=== EXTRACTED RECORDS ===
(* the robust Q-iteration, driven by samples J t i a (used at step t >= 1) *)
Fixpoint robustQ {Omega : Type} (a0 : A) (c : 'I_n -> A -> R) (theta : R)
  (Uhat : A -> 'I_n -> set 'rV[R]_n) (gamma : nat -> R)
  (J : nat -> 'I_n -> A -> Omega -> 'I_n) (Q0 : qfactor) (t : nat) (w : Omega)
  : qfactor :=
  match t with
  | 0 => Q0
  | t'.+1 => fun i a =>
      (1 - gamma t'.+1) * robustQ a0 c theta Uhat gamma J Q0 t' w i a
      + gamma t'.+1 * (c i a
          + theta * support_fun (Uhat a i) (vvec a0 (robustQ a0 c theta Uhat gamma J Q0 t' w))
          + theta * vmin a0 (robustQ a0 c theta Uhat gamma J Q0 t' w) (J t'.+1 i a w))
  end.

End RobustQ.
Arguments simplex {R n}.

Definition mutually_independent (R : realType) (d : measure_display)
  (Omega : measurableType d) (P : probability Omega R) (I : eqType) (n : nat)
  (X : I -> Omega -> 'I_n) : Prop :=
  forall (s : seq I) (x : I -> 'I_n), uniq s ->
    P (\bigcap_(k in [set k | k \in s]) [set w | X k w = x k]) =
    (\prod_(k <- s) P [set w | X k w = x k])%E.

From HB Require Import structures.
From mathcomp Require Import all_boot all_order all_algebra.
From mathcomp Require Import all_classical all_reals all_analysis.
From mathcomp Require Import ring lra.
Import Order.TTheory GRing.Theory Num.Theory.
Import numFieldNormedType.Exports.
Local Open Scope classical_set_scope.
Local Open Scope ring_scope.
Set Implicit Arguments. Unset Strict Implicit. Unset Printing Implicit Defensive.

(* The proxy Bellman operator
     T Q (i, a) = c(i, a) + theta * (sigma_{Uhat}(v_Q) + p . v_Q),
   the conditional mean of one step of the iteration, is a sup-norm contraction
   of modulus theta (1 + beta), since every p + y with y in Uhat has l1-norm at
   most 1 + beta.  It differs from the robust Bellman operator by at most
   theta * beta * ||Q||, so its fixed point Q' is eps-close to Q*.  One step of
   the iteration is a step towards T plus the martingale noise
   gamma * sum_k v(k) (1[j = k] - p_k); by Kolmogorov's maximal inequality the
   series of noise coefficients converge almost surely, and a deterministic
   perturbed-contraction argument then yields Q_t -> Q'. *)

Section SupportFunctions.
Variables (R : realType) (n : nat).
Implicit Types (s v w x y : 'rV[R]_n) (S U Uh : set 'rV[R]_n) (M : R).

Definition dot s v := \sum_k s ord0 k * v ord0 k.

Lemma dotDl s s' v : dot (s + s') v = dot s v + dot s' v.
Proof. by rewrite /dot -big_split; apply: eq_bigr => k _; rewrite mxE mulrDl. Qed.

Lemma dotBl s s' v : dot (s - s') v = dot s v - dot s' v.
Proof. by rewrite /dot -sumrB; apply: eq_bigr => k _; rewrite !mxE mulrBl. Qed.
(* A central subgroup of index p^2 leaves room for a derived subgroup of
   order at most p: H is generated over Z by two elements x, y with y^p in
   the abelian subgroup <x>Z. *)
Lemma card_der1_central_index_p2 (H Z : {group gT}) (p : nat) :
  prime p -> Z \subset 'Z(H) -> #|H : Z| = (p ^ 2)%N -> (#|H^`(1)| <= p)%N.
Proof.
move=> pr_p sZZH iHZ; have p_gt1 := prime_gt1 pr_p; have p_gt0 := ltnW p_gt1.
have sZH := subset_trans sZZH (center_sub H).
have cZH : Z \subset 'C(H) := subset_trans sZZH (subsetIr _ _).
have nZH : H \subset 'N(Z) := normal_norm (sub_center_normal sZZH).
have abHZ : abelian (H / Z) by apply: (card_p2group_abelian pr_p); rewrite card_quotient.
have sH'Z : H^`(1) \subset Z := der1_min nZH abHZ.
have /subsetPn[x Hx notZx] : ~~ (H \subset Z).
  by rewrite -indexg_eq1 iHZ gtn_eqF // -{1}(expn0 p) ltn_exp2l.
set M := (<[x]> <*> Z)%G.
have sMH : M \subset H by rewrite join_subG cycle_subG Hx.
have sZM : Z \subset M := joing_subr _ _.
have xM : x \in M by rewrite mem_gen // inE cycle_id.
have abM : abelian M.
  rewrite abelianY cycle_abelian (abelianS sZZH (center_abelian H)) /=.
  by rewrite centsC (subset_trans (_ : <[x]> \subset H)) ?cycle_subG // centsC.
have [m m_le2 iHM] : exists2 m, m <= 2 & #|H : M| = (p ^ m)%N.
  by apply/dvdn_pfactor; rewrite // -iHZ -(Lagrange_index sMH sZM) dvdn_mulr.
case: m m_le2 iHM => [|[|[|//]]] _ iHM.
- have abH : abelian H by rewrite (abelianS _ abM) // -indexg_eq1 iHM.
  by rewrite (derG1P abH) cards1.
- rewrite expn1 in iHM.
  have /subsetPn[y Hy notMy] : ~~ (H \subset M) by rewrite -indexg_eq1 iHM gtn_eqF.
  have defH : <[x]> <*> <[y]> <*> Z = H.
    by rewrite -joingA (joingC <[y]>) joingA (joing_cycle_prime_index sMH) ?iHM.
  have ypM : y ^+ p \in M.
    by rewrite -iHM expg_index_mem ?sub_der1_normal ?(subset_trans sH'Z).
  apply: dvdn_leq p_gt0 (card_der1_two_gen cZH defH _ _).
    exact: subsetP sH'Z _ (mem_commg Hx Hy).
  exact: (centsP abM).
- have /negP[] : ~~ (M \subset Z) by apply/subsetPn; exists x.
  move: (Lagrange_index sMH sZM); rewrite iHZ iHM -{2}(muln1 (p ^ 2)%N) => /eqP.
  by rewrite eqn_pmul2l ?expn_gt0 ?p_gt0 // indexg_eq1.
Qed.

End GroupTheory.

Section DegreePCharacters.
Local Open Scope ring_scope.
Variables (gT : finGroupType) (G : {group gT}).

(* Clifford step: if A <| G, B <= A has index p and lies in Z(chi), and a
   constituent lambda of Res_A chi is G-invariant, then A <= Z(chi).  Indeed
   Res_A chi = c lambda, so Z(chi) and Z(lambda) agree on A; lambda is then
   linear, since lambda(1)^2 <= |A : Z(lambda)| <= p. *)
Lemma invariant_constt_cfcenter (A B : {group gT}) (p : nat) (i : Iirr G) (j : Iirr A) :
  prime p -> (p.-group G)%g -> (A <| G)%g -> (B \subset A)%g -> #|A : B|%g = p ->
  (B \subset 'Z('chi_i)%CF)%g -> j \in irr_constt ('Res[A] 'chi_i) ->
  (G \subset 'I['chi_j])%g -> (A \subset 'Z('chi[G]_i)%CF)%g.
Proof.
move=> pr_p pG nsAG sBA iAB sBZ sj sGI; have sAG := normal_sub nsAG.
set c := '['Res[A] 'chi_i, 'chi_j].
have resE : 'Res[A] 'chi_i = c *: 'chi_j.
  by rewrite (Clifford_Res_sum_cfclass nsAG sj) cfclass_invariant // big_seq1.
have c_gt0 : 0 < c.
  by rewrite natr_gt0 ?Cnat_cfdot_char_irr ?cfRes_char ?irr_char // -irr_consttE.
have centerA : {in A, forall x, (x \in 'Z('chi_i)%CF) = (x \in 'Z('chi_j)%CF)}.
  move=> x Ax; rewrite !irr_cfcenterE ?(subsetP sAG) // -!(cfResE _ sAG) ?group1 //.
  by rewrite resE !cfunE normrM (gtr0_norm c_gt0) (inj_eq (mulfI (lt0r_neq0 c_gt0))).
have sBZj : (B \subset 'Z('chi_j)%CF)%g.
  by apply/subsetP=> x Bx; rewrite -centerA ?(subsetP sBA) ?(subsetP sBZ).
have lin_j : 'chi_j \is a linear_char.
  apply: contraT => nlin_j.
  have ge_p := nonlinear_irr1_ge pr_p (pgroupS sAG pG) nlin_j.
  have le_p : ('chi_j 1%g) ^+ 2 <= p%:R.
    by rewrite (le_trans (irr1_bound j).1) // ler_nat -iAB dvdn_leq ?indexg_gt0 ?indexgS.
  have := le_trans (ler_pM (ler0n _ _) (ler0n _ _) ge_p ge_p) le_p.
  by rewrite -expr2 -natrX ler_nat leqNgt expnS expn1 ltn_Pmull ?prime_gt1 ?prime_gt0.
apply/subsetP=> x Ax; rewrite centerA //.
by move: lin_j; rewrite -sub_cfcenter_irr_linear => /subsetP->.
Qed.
===
▶ [PROBLEM REQUIREMENTS]: Every line above with the string "beta" in it needs to be copied.

▶ [TASK RESPONSE]:
   of modulus theta (1 + beta), since every p + y with y in Uhat has l1-norm at
   most 1 + beta.  It differs from the robust Bellman operator by at most
   theta * beta * ||Q||, so its fixed point Q' is eps-close to Q*.  One step of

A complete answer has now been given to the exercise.